I must say that this book is one of the most original books I’ve read all year. Reason number one for this is that the book is written entirely in verse, like those medieval stories of Reinhardt The Fox, Lancelot and his quest and Beowulf. On the other hand, it’s also one of the most difficult books I’ve ever had to review. The first reason for this is once again that this book is in verse, and I’m just not familiar with that genre enough to find a way to compare it with other books. That said, I can only begin to imagine how hard it must be to write an entire story in rhyme. I have trouble even writing a story, I don’t want to think about how awful it would be if everything had to rhyme. Ugh.

Author A. Demethius Jackson does a good job with the verse though. What he’s even better at however, is making a fantasy world that leaves a lasting impression with its readers, and that has more layers than we could even begin to grasp. I liked the way the adventure he laid out in The Realmsic Conquest was pretty straight forward: Saraya and her army attack the Kingdom and most importantly, the dying King, without realizing that the moment the King dies their entire world will die as well. Then our heroes must find a way to cure the King, but unfortunately they come upon Damian, the most evil sorcerer the Kingdoms have ever known while trying to complete their quest. What follows is a battle of epic proportions. So we have the necessary setting: medieval scenery, a bunch of heroes, a life-threatening quest and an epic battle.
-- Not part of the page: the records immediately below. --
Lemma hform_shift v t : hform (fun k => v k + t * eta k) =
  hform v + t * (hpair v)^* + t^* * hpair v + t * t^* * hform eta.
Proof.
rewrite /hpair /hform rmorph_sum !mulr_sumr -!big_split; apply: eq_bigr => k _ /=.
by rewrite !(rmorphD, rmorphM) /= conjCK (conj_Creal (e_real k)); ring.
Qed.

Lemma sum_two (F : 'I_n -> C) k l : k != l ->
  (forall m, m != k -> m != l -> F m = 0) -> \sum_m F m = F k + F l.
Proof.
move=> kl F0; rewrite (bigD1 k) //= (bigD1 l) /=; last by rewrite eq_sym.
by rewrite big1 ?addr0 // => m /andP [mk ml]; exact: F0.
Qed.

Section NegativeOnEta.
Hypothesis eta_neg : hform eta < 0.

Definition posdef_perp : Prop := forall v, nzvec v -> hpair v = 0 -> 0 < hform v.

(* On each coordinate plane there is a nonzero vector orthogonal to eta; so
   if hform is positive definite on the orthogonal of eta, at most one weight
   can be nonpositive. *)
Lemma nonpos_weight_unique : posdef_perp -> forall k l, e k <= 0 -> e l <= 0 -> k = l.
Proof.
move=> pos k l ek el; apply/eqP/negPn/negP => kl.
pose be := e k * (eta k)^*; pose al := e l * (eta l)^*.
pose s := if be == 0 then 1 else al.
pose w m := if m == k then s else if m == l then - be else 0.
have [wk wl] : w k = s /\ w l = - be by rewrite /w eqxx eq_sym (negbTE kl) eqxx.
have w0 m : m != k -> m != l -> w m = 0 by rewrite /w => /negbTE -> /negbTE ->.
have w_nz : nzvec w.
  rewrite /nzvec; have [be0 | be0] := eqVneq be 0.
    by exists k; rewrite wk /s be0 eqxx oner_neq0.
  by exists l; rewrite wl oppr_eq0.
have w_perp : hpair w = 0.
  rewrite /hpair (sum_two kl); last by move=> m mk ml; rewrite w0 // mulr0.
  by rewrite wk wl /s -/be -/al; case: eqP => [-> | _]; ring.
have : hform w <= 0.
  rewrite /hform (sum_two kl); last by move=> m mk ml; rewrite w0 // mulr0.
  by rewrite -!mulrA -[0](addr0 0) lerD // mulr_le0_ge0 // conjC_mul_ge0.
by rewrite real_leNgt ?hform_real ?real0 // pos.
Qed.

(* Conversely, when e has exactly one negative weight the positive part
   controls the pairing with eta by Cauchy-Schwarz. *)
Lemma posdef_perp_of_one_negative m :
  e m < 0 -> (forall k, k != m -> 0 < e k) -> posdef_perp.
Proof.
move=> em e_pos v [k vk] v_perp.
have e_ge0 j : j != m -> 0 <= e j by move=> jm; exact/ltW/e_pos.
set a := \sum_(j | j != m) e j * (v j)^* * v j.
set b := \sum_(j | j != m) e j * (eta j)^* * eta j.
set X := \sum_(j | j != m) e j * (eta j)^* * v j.
have hform_v : hform v = e m * (v m)^* * v m + a by rewrite /hform (bigD1 m).
have hform_eta : hform eta = e m * (eta m)^* * eta m + b by rewrite /hform (bigD1 m).
have XE : X = - (e m * (eta m)^* * v m).
  by apply/eqP; rewrite -addr_eq0 addrC -v_perp /hpair (bigD1 m).
have [vm | vm] := eqVneq (v m) 0.
  have km : k != m by apply/eqP => km; rewrite km vm eqxx in vk.
  rewrite hform_v vm conjC0 !mulr0 add0r /a (bigD1 k) //= ltr_pwDl //.
    by rewrite -mulrA mulr_gt0 ?e_pos // mulrC mul_conjC_gt0.
  by apply: sumr_ge0 => j /andP [jm _]; rewrite -mulrA mulr_ge0 ?e_ge0 ?conjC_mul_ge0.
(* If hform v <= 0, then with q = -e_m |v_m|^2 and r = -e_m |eta_m|^2 we get
   |X|^2 = q r, a <= q and b < r, contradicting |X|^2 <= a b. *)
rewrite real_ltNge ?hform_real ?real0 //; apply/negP => v_nonpos.
set q := - (e m * (v m)^* * v m).
set r := - (e m * (eta m)^* * eta m).
have a_le_q : a <= q by rewrite /q -subr_le0 opprK addrC -hform_v.
have q_pos : 0 < q.
  by rewrite /q -mulrA -mulNr mulr_gt0 ?oppr_gt0 // mulrC mul_conjC_gt0.
have b_lt_r : b < r by rewrite /r -subr_lt0 opprK addrC -hform_eta.
have b_ge0 : 0 <= b.
  by apply: sumr_ge0 => j jm; rewrite -mulrA mulr_ge0 ?e_ge0 ?conjC_mul_ge0.
have XX : X * X^* = q * r.
  by rewrite XE /q /r !(rmorphN, rmorphM) /= conjCK (conj_Creal (e_real m)); ring.
have cs := @cauchy_schwarz C n (fun j => j != m) e v eta e_ge0.
rewrite -/a -/b -/X XX in cs.
have qb_lt : q * b < q * r by rewrite ltr_pM2l.
have := le_lt_trans (le_trans cs (ler_wpM2r b_ge0 a_le_q)) qb_lt.
by rewrite ltxx.
Qed.

Lemma posdef_perp_iff :
  posdef_perp <-> exists m, e m < 0 /\ forall k, k != m -> 0 < e k.
Proof.
split=> [pos | [m [em e_pos]]]; last exact: posdef_perp_of_one_negative em e_pos.
have [m em] : exists m, e m < 0.
  have [/existsP // | /existsPn e_nneg] := boolP [exists m, e m < 0].
  suff : 0 <= hform eta by rewrite real_leNgt ?hform_real ?real0 // eta_neg.
  apply: sumr_ge0 => k _; rewrite -mulrA mulr_ge0 ?conjC_mul_ge0 //.
  by rewrite real_leNgt ?real0 ?e_real.
exists m; split => // k km; rewrite real_ltNge ?real0 ?e_real //.
by apply/negP => ek; move: km; rewrite (nonpos_weight_unique pos ek (ltW em)) eqxx.
Qed.

(* The form whose positivity is the reduced Hodge-Riemann condition
   hform w > 3 |hpair w|^2 / (2 hform eta). *)
Definition gform (w : 'I_n -> C) : C :=
  3 * (hpair w * (hpair w)^*) - 2 * (hform w * hform eta).

(* Writing w = v + t eta with v orthogonal to eta,
   gform w = |t|^2 hform(eta)^2 - 2 hform(eta) hform(v). *)
Lemma gform_posdef_iff : (forall w, nzvec w -> 0 < gform w) <-> posdef_perp.
Proof.
have S_neq0 := ltr0_neq0 eta_neg.
have m2S_pos : 0 < - 2 * hform eta by rewrite mulNr oppr_gt0 pmulr_rlt0 ?ltr0n.
split=> [G_pos v vnz v_perp | pos w [k wk]].
  have := G_pos v vnz; rewrite /gform v_perp mul0r mulr0 sub0r oppr_gt0.
  by rewrite pmulr_rlt0 ?ltr0n // nmulr_llt0.
set t := hpair w / hform eta.
pose v k := w k - t * eta k.
have wE : w = (fun k => v k + t * eta k).
  by apply: functional_extensionality => j; rewrite /v subrK.
have hpair_w : hpair w = hpair v + t * hform eta by rewrite {1}wE hpair_shift.
have v_perp : hpair v = 0.
  by apply: (addIr (t * hform eta)); rewrite -hpair_w add0r /t mulfVK.
have hform_w : hform w = hform v + t * t^* * hform eta.
  by rewrite {1}wE hform_shift v_perp conjC0 !mulr0 !addr0.
have gE : gform w = t * t^* * (hform eta * hform eta) + - 2 * hform eta * hform v.
  rewrite /gform hform_w hpair_w v_perp add0r.
  by rewrite rmorphM /= (conj_Creal (hform_real eta)); ring.
have tt_ge0 : 0 <= t * t^* * (hform eta * hform eta).
  by rewrite mulr_ge0 ?mul_conjC_ge0 // ltW // nmulr_rgt0.
rewrite gE; have [/existsP vnz | /existsPn vz] := boolP [exists j, v j != 0].
  by rewrite addrC ltr_pwDl // mulr_gt0 // pos.
have v0 j : v j = 0 by apply/eqP; move: (vz j); rewrite negbK.
have hform_v : hform v = 0 by rewrite /hform big1 // => j _; rewrite v0 mulr0.
have t_neq0 : t != 0 by apply: contraNneq wk; rewrite wE /= v0 => ->; rewrite mul0r addr0.
by rewrite hform_v mulr0 addr0 mulr_gt0 ?mul_conjC_gt0 // nmulr_rgt0.
Qed.

End NegativeOnEta.

Lemma one_negative_card :
  (exists m, e m < 0 /\ forall k, k != m -> 0 < e k) <->
  (#|[set k | 0 < e k]| = n.-1 /\ #|[set k | e k < 0]| = 1%N).
Proof.
split=> [[m [em e_pos]] | [card_pos /eqP/cards1P [m neg_m]]].
  have neg_m : [set k | e k < 0] = [set m].
    apply/setP => k; rewrite !inE; apply/idP/eqP => [ek | -> //].
    by apply/eqP; apply: contraTT ek => km; rewrite lt_gtF ?e_pos.
  have pos_m : [set k | 0 < e k] = [set~ m].
    apply/setP => k; rewrite !inE; apply/idP/idP => [ek | /e_pos //].
    by apply: contraTneq ek => ->; rewrite (lt_gtF em).
  by rewrite neg_m pos_m cardsC1 cards1 card_ord.
have em : e m < 0 by have := set11 m; rewrite -neg_m inE.
exists m; split => // k km.
have pos_m : [set k | 0 < e k] = [set~ m].
  apply/eqP; rewrite eqEcard cardsC1 card_ord card_pos leqnn andbT.
  by apply/subsetP => j; rewrite !inE; apply: contraTneq => ->; rewrite (lt_gtF em).
have : k \in [set~ m] by rewrite in_setC1.
by rewrite -pos_m inE.
Qed.

End DiagonalHermitianForm.

Lemma reduced_ineqE (C : numClosedFieldType) (B F S : C) : S < 0 ->
  (B / 2 * (B / 2)^* / (S / 6) < F) = (0 < 3 * (B * B^*) - 2 * (F * S)).
Proof.
move=> S_neg; have S_neq0 := ltr0_neq0 S_neg.
have -> : B / 2 * (B / 2)^* / (S / 6) = 3 * (B * B^*) / (2 * S).
  by rewrite rmorphM fmorphV /= conjC_nat; field; rewrite S_neq0.
rewrite ltr_ndivrMr ?pmulr_rlt0 ?ltr0n // subr_gt0.
by congr (_ < _); ring.
Qed.

Section HessianAtImaginaryPart.
Variables (C : numClosedFieldType) (h : nat) (c : 'I_h -> 'I_h -> 'I_h -> C).
Hypothesis c_real : forall i j k, c i j k \is Num.real.
Variable z : 'rV[C]_h.

Let A := hessian c (imvec z).
Let y := yvec z.

Lemma hessian_real i j : A i j \is Num.real.
Proof.
rewrite /A /hessian mxE /d2cubic; apply: rpred_sum => k _; apply: realM.
  by rewrite !realD ?c_real.
by rewrite mxE Creal_Im.
Qed.

Lemma hessian_sym i j : A i j = A j i.
Proof. by rewrite /A /hessian !mxE /d2cubic; apply: eq_bigr => k _; ring. Qed.

Lemma bform_hessian b a : bform A b a = d2tri c y b a.
Proof.
rewrite -d2cubic_d2tri /bform; apply: eq_bigr => i _; apply: eq_bigr => j _.
by rewrite /A /hessian mxE.
Qed.

(* Euler's identities for the cubic: phi(y) = (y H y)/6, dphi(y).a = (y H a)/2. *)
Lemma phiy_hessian : phiy c z = bform A y y / 6.
Proof. by rewrite bform_hessian /phiy /d2tri; field. Qed.

Lemma grad_hessian a : grad c z a = bform A y a / 2.
Proof. by rewrite bform_hessian /grad /dtri /d2tri; field. Qed.

Let e := eig A.
Let eta := to_eig A y.

Lemma hessq_eig a : hessq c z a = hform e (to_eig A a).
Proof. by rewrite /hessq -bform_hessian (bform_eig hessian_real hessian_sym) vbarK. Qed.

Lemma bform_y_eig a : bform A y a = hpair e eta (to_eig A a).
Proof. by rewrite (bform_eig hessian_real hessian_sym) vbar_yvec. Qed.

Lemma phiy_eig : phiy c z = hform e eta / 6.
Proof. by rewrite phiy_hessian bform_y_eig. Qed.

Lemma hodge_ineq_gform a : hform e eta < 0 ->
  (grad c z a * (grad c z a)^* / phiy c z < hessq c z a) = (0 < gform e eta (to_eig A a)).
Proof.
by move=> S_neg; rewrite grad_hessian phiy_eig hessq_eig bform_y_eig reduced_ineqE.
Qed.

Lemma hodge_ineq_signature : hform e eta < 0 ->
  (forall a, nzvec a -> grad c z a * (grad c z a)^* / phiy c z < hessq c z a) <->
  signature A h.-1 1.
Proof.
move=> S_neg; apply: (iff_trans _ (iff_sym (signature_eig hessian_real hessian_sym _ _))).
apply: (iff_trans _ (one_negative_card e)).
apply: (iff_trans _ (posdef_perp_iff (eig_real hessian_real hessian_sym) S_neg)).
apply: (iff_trans _ (gform_posdef_iff (eig_real hessian_real hessian_sym) S_neg)).
split=> [pos w w_nz | pos a a_nz].
  have -> : w = to_eig A (of_eig A w).
    by apply: functional_extensionality => k; rewrite of_eigK.
  by rewrite -hodge_ineq_gform //; apply/pos/of_eig_nz.
by rewrite hodge_ineq_gform //; apply/pos/to_eig_nz.
Qed.

End HessianAtImaginaryPart.

Theorem mainTheorem14 (C : numClosedFieldType) (h : nat)
  (c : 'I_h -> 'I_h -> 'I_h -> C)
  (c_real : forall i j k, c i j k \is Num.real) (z : 'rV[C]_h) :
  HodgeRiemann c z <->
  (cubic c (imvec z) < 0 /\ signature (hessian c (imvec z)) h.-1 1).
Proof.
(* Reduce to phi(y) and the Hessian form; phi(y) < 0 says that y has negative
   norm for the Hessian, and then the second condition is the signature. *)
rewrite (HodgeRiemann_reduce c_real z); change (cubic c (imvec z)) with (phiy c z).
have phiy_neg : (phiy c z < 0) =
    (hform (eig (hessian c (imvec z))) (to_eig (hessian c (imvec z)) (yvec z)) < 0).
  by rewrite (phiy_eig c_real) pmulr_llt0 // invr_gt0 ltr0n.
rewrite phiy_neg; split=> -[S_neg cond]; split => //.
all: exact/(hodge_ineq_signature c_real).
Qed.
And although I thought all of this was very enjoyable to say the least, it left me feeling awkward. Because on the one hand, I was happy with the story as it progressed, but on the other hand, I wanted to know so much more. The journey of our heroes passed by in a hurry, and because of the verse-format, we never actually got to see our heroes’ personalities, or find out why Saraya was suddenly feeling tired of conquering Kingdom after Kingdom. I mean, that’s a major personality change, and I would have liked to know why. Additionally, I would have liked to know why Damian decided to play the evil wizard in this book and why he wanted the Kingdom all for himself. I had the feeling that, by the end of the book, I didn’t know any of the characters except superficially. I didn’t know what drove them, what their ambitions, goals or passions were, and why they did what they did. It annoyed me without end. Although I understand that this is a very unlikely goal to achieve when writing in verse, I would have liked to see at least some more characterization.

A bit along the same lines, but I would have liked to see more about The Realm itself as well. How did it come to exist? How does it function? We see glimpses of the way it does here and there, and we know it’s a world stuck in the middle ages, but that’s about it. I have the feeling that the world of the realm has a lot more potential than it’s currently given credit for. Part of me would have preferred it if this book had been an actual fantasy novel, not written in verse, but in actual paragraphs. It would have made it all so much more intriguing.

I’m definitely willing to give the author points in the originality department, and I must admit that The Realmsic Conquest was a fun and entertaining, albeit short read. I have the feeling that this is a perfect book for teenage boys who enjoy Arthurian legends, swordfights and real-life knights, but I would have preferred it in a regular format. Recommended if you want something new.